Collected data
Definition charfun_re (p : Z -> R) (t : R) : R :=
  zsum (fun z => p z * cos (IZR z * t)).

Lemma charfun_re_Rabs p t : charfun_re p (Rabs t) = charfun_re p t.
Proof.
  unfold charfun_re, zsum. apply Series_ext. unfold Rabs; destruct Rcase_abs; [|reflexivity].
  intros [|n]; simpl; rewrite ?Ropp_mult_distr_r_reverse, ?cos_neg; reflexivity.
Qed.

Lemma charfun_im_symmetric p t : (forall z, p z = p (- z)%Z) ->
  zsum (fun z => p z * sin (IZR z * t)) = 0.
Proof.
  intros Hsym. unfold zsum.
  rewrite (Series_ext _ (fun n => 0 * zterm p n)), Series_scal_l; [ring|].
  intros [|n]; unfold zterm.
  - rewrite Rmult_0_l, sin_0; ring.
  - rewrite <- (Hsym (Z.of_nat (S n))), opp_IZR, Ropp_mult_distr_l_reverse, sin_neg. ring.
Qed.

Lemma Cmod_charfun_symmetric p t : (forall z, p z = p (- z)%Z) ->
  Cmod (charfun p t) = Rabs (charfun_re p (Rabs t)).
Proof.
  intros Hsym. rewrite charfun_re_Rabs. unfold charfun.
  rewrite charfun_im_symmetric by exact Hsym. apply Cmod_R.
Qed.

Lemma charfun_re_one_plus_scal p s t : (forall z, 0 <= p z) -> is_series (zterm p) 1 ->
  1 + s * charfun_re p t = zsum (fun z => p z * (1 + s * cos (IZR z * t))).
Proof.
  intros Hp Hs. unfold charfun_re, zsum.
  assert (Hex : ex_series (zterm p)) by (exists 1; exact Hs).
  assert (Hexc : ex_series (zterm (fun z => p z * cos (IZR z * t)))).
  { apply ex_series_zterm_mul; auto.
    intros z. pose proof (COS_bound (IZR z * t)). apply Rabs_le; lra. }
  rewrite (Series_ext (zterm (fun z => p z * (1 + s * cos (IZR z * t))))
    (fun n => zterm p n + s * zterm (fun z => p z * cos (IZR z * t)) n))
    by (intros [|n]; unfold zterm; ring).
  rewrite Series_plus, Series_scal_l, (is_series_unique _ 1 Hs); auto.
  exact (ex_series_scal_l s _ Hexc).
Qed.

Lemma sin_ge_cubic y : 0 <= y <= PI -> y - y ^ 3 / 6 <= sin y.
Proof.
  intros [H0 HPI]. destruct (sin_bound y 0 H0 HPI) as [Hlb _].
  unfold sin_approx, sin_term in Hlb. simpl in Hlb. eapply Rle_trans; [|exact Hlb].
  right; field.
Qed.

Lemma cos_ge_quadratic y : - PI / 2 <= y <= PI / 2 -> 1 - y ^ 2 / 2 <= cos y.
Proof.
  intros [Hl Hr]. destruct (cos_bound y 0 Hl Hr) as [Hlb _].
  unfold cos_approx, cos_term in Hlb. simpl in Hlb. eapply Rle_trans; [|exact Hlb].
  right; field.
Qed.

Lemma cos_ge_neg_half x : Rabs x <= 2 -> - 1 / 2 <= cos x.
Proof.
  intros Hx. apply Rabs_le_between in Hx. pose proof PI2_3_2.
  replace x with (2 * (x / 2)) by field. rewrite cos_2a_cos.
  pose proof (cos_ge_quadratic (x / 2) ltac:(lra)).
  assert ((x / 2) ^ 2 <= 1) by nra. nra.
Qed.

Lemma one_minus_cos_ge x : Rabs x <= 2 -> x ^ 2 / 3 <= 1 - cos x.
Proof.
  intros Hx. pose proof PI2_3_2.
  assert (Hcos : 1 - cos x = 2 * sin (Rabs (x / 2)) ^ 2).
  { replace x with (2 * (x / 2)) at 1 by field. rewrite cos_2a_sin.
    unfold Rabs; destruct Rcase_abs; [rewrite sin_neg|]; ring. }
  assert (Hsq : x ^ 2 = 4 * Rabs (x / 2) ^ 2) by (rewrite pow2_abs; field).
  assert (Ha : 0 <= Rabs (x / 2) <= 1).
  { split; [apply Rabs_pos|]. unfold Rdiv.
    rewrite Rabs_mult, Rabs_inv, (Rabs_pos_eq 2) by lra. lra. }
  pose proof (sin_ge_cubic (Rabs (x / 2)) ltac:(lra)).
  assert (5 * Rabs (x / 2) / 6 <= sin (Rabs (x / 2))) by nra.
  rewrite Hcos, Hsq. nra.
Qed.

Lemma Rabs_IZR_le_INR z M : (Z.abs z <= Z.of_nat M)%Z -> Rabs (IZR z) <= INR M.
Proof. intros Hz. rewrite <- abs_IZR, INR_IZR_INZ. now apply IZR_le. Qed.

Lemma exists_nat_floor L : 1 <= L -> exists M : nat, (1 <= M)%nat /\ INR M <= L < INR M + 1.
Proof.
  intros HL. destruct (archimed L) as [Hup1 Hup2].
  assert (Hup : (1 < up L)%Z) by (apply lt_IZR; lra).
  exists (Z.to_nat (up L - 1)).
  rewrite INR_IZR_INZ, Z2Nat.id, minus_IZR by lia. split; [lia|]. simpl IZR. lra.
Qed.

Lemma Rabs_mul_le_window z M u : (Z.abs z <= Z.of_nat M)%Z -> 0 <= u -> INR M * u <= 2 ->
  Rabs (IZR z * u) <= 2.
Proof.
  intros Hz Hu HMu. pose proof (Rabs_IZR_le_INR z M Hz).
  rewrite Rabs_mult, (Rabs_pos_eq u) by lra. nra.
Qed.

Lemma dirichlet_ge_small M u : 0 <= u -> INR M * u <= 2 ->
  - (2 * INR M + 1) / 2 <= dirichlet M u.
Proof.
  intros Hu HMu.
  replace (- (2 * INR M + 1) / 2) with (sum_f_R0 (zterm (fun _ => - 1 / 2)) M)
    by (rewrite zterm_sum_const; field).
  apply zterm_sum_le. intros z Hz.
  exact (cos_ge_neg_half _ (Rabs_mul_le_window z M u Hz Hu HMu)).
Qed.

Lemma dirichlet_le_small M u : 0 <= u -> INR M * u <= 2 ->
  dirichlet M u <= 2 * INR M + 1 - u ^ 2 / 9 * (INR M * (INR M + 1) * (2 * INR M + 1)).
Proof.
  intros Hu HMu.
  assert (Hsum : sum_f_R0 (zterm (fun z => u ^ 2 / 3 * IZR z ^ 2)) M <=
                 sum_f_R0 (zterm (fun z => 1 + - 1 * cos (IZR z * u))) M).
  { apply zterm_sum_le. intros z Hz.
    pose proof (one_minus_cos_ge _ (Rabs_mul_le_window z M u Hz Hu HMu)).
    replace (u ^ 2 / 3 * IZR z ^ 2) with ((IZR z * u) ^ 2 / 3) by field. lra. }
  rewrite zterm_sum_scal, zterm_sum_sq, zterm_sum_plus, zterm_sum_const, zterm_sum_scal
    in Hsum.
  fold (dirichlet M u) in Hsum. lra.
Qed.

Lemma Rabs_dirichlet_le M u : 4 <= INR M -> 0 < u <= PI -> 4 < u * (2 * INR M + 3) ->
  Rabs (dirichlet M u) <= 3 * (2 * INR M + 1) / 4.
Proof.
  intros HM Hu Hwide. pose proof PI2_3_2. pose proof PI_4.
  pose proof (Rabs_pos (dirichlet M u)).
  assert (Hsin : 0 < sin (u / 2)) by (apply sin_gt_0; lra).
  assert (Hkernel : Rabs (dirichlet M u) * sin (u / 2) <= 1).
  { rewrite <- (Rabs_pos_eq (sin (u / 2))), <- Rabs_mult, Rmult_comm by lra.
    rewrite sin_half_mul_dirichlet. apply Rabs_le, SIN_bound. }
  pose proof (sin_ge_cubic (u / 2) ltac:(lra)).
  destruct (Rle_or_lt u 1) as [Hu1 | Hu1].
  - assert (Hlb : 23 * u / 48 <= sin (u / 2)) by nra.
    assert (Rabs (dirichlet M u) * u <= 48 / 23) by nra.
    assert (Rabs (dirichlet M u) * u * (2 * INR M + 3) <= 48 / 23 * (2 * INR M + 3))
      by (apply Rmult_le_compat_r; lra).
    nra.
  - assert (Hlb : u / 6 <= sin (u / 2)) by nra. nra.
Qed.

Section Window.

Variables (p : Z -> R) (L h : R).
Hypotheses (Hp : forall z, 0 <= p z) (Hs : is_series (zterm p) 1)
  (HL : 1 < L) (Hh : 0 < h)
  (Hlow : forall z, Rabs (IZR z) <= L -> h / L <= p z).

Lemma charfun_re_window s M u : Rabs s <= 1 -> INR M <= L ->
  h / L * (2 * INR M + 1 + s * dirichlet M u) <= 1 + s * charfun_re p u.
Proof.
  intros Hs1 HML. apply Rabs_le_between in Hs1.
  assert (Hb : forall z, 0 <= 1 + s * cos (IZR z * u) <= 2).
  { intros z. pose proof (COS_bound (IZR z * u)).
    split; nra. }
  rewrite charfun_re_one_plus_scal by auto.
  replace (h / L * (2 * INR M + 1 + s * dirichlet M u))
    with (sum_f_R0 (zterm (fun z => h / L * (1 + s * cos (IZR z * u)))) M)
    by (unfold dirichlet; rewrite zterm_sum_scal, zterm_sum_plus, zterm_sum_const, zterm_sum_scal;
        ring).
  eapply Rle_trans; [apply zterm_sum_le | apply zterm_sum_le_zsum].
  - intros z Hz. apply Rmult_le_compat_r; [apply Hb|].
    apply Hlow. pose proof (Rabs_IZR_le_INR z M Hz). lra.
  - intros z. apply Rmult_le_pos; [apply Hp | apply Hb].
  - apply ex_series_zterm_mul; [exact Hp | exists 1; exact Hs |].
    intros z. specialize (Hb z). apply Rabs_le; lra.
Qed.

Lemma Rabs_charfun_re_small u : 0 <= u -> u <= 4 / (2 * L + 1) ->
  Rabs (charfun_re p u) <= 1 - h / 36 * (L * L) * u ^ 2.
Proof.
  intros Hu Hu4.
  destruct (exists_nat_floor L) as (M & HM1 & HML & HLM); [lra|].
  assert (Hm1 : 1 <= INR M) by (apply (le_INR 1); lia).
  assert (HLu : L * u <= 2).
  { apply (Rmult_le_compat_r (2 * L + 1)) in Hu4; [|lra].
    unfold Rdiv in Hu4. rewrite Rmult_assoc, Rinv_l in Hu4; nra. }
  assert (HMu : INR M * u <= 2) by nra.
  assert (HhL : 0 < h / L) by (apply Rdiv_lt_0_compat; lra).
  assert (Hplus : h / 2 <= 1 + 1 * charfun_re p u).
  { eapply Rle_trans; [|apply charfun_re_window; [rewrite Rabs_R1; lra | exact HML]].
    pose proof (dirichlet_ge_small M u Hu HMu).
    replace (h / 2) with (h / L * (L / 2)) by (field; lra).
    apply Rmult_le_compat_l; lra. }
  assert (Hminus : h * (L * L) * u ^ 2 / 18 <= 1 + - 1 * charfun_re p u).
  { eapply Rle_trans; [|apply charfun_re_window; [rewrite Rabs_m1; lra | exact HML]].
    pose proof (dirichlet_le_small M u Hu HMu).
    assert (Hcube : L * L * L / 2 <= INR M * (INR M + 1) * (2 * INR M + 1)).
    { replace (L * L * L / 2) with (L / 2 * L * L) by field.
      apply Rmult_le_compat; nra. }
    replace (h * (L * L) * u ^ 2 / 18) with (h / L * (u ^ 2 / 9 * (L * L * L / 2)))
      by (field; lra).
    apply Rmult_le_compat_l; [lra|].
    assert (0 <= u ^ 2 / 9) by nra. nra. }
  assert (HLu2 : L * L * u ^ 2 <= 4).
  { replace (L * L * u ^ 2) with ((L * u) * (L * u)) by ring.
    assert (0 <= L * u) by nra. nra. }
  pose proof (Rmult_le_compat_l (h / 36) _ _ ltac:(lra) HLu2).
  assert (0 <= h * (L * L) * u ^ 2) by (apply Rmult_le_pos; nra).
  apply Rabs_le. lra.
Qed.

Lemma Rabs_charfun_re_large u : 4 / (2 * L + 1) < u -> u <= PI ->
  Rabs (charfun_re p u) <= 1 - h / 32.
Proof.
  intros Hu4 HuPI. pose proof PI2_3_2.
  assert (Hwide : 4 < u * (2 * L + 1)).
  { apply (Rmult_lt_compat_r (2 * L + 1)) in Hu4; [|lra].
    unfold Rdiv in Hu4. rewrite Rmult_assoc, Rinv_l in Hu4; lra. }
  assert (Hu : 0 < u) by nra.
  assert (HhL : 0 < h / L) by (apply Rdiv_lt_0_compat; lra).
  destruct (Rlt_or_le L 4) as [HL4 | HL4].
  - assert (HhL4 : h / 4 <= h / L).
    { unfold Rdiv. apply Rmult_le_compat_l; [lra|]. apply Rinv_le_contravar; lra. }
    assert (Hcos : 16 / 243 <= 1 - cos u).
    { assert (cos u <= cos (4 / 9)).
      { destruct (Req_dec u (4 / 9)) as [-> | Hne]; [lra|].
        left; apply cos_decreasing_1; nra. }
      pose proof (one_minus_cos_ge (4 / 9) ltac:(rewrite Rabs_pos_eq; lra)). lra. }
    pose proof (charfun_re_window 1 1 u ltac:(rewrite Rabs_R1; lra) ltac:(simpl; lra)).
    pose proof (charfun_re_window (- 1) 1 u ltac:(rewrite Rabs_m1; lra) ltac:(simpl; lra)).
    rewrite dirichlet_1 in *. simpl INR in *. pose proof (COS_bound u).
    apply Rabs_le. nra.
  - destruct (exists_nat_floor L) as (M & _ & HML & HLM); [lra|].
    assert (HM4 : 4 <= INR M).
    { assert (HM3 : (3 < M)%nat) by (apply INR_lt; simpl; lra).
      apply le_INR in HM3. simpl in HM3. lra. }
    pose proof (Rabs_dirichlet_le M u HM4 ltac:(lra) ltac:(nra)) as HD.
    apply Rabs_le_between in HD.
    assert (Hwindow : forall s, (s = 1 \/ s = - 1) -> h / 4 <= 1 + s * charfun_re p u).
    { intros s Hs1.
      eapply Rle_trans; [|apply charfun_re_window;
                          [destruct Hs1 as [-> | ->]; rewrite ?Rabs_R1, ?Rabs_m1; lra | exact HML]].
      replace (h / 4) with (h / L * (L / 4)) by (field; lra).
      apply Rmult_le_compat_l; [lra|]. destruct Hs1 as [-> | ->]; lra. }
    pose proof (Hwindow 1 (or_introl eq_refl)). pose proof (Hwindow (- 1) (or_intror eq_refl)).
    apply Rabs_le. lra.
Qed.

§ **Problem to solve**
Above are the records; repeat exactly the lines from the one holding "Rabs_pos|]. unfold Rdiv." down to the one holding "Proof. intros Hz.", end lines included.

§ **Output for this task**
  { split; [apply Rabs_pos|]. unfold Rdiv.
    rewrite Rabs_mult, Rabs_inv, (Rabs_pos_eq 2) by lra. lra. }
  pose proof (sin_ge_cubic (Rabs (x / 2)) ltac:(lra)).
  assert (5 * Rabs (x / 2) / 6 <= sin (Rabs (x / 2))) by nra.
  rewrite Hcos, Hsq. nra.
Qed.

Lemma Rabs_IZR_le_INR z M : (Z.abs z <= Z.of_nat M)%Z -> Rabs (IZR z) <= INR M.
Proof. intros Hz. rewrite <- abs_IZR, INR_IZR_INZ. now apply IZR_le. Qed.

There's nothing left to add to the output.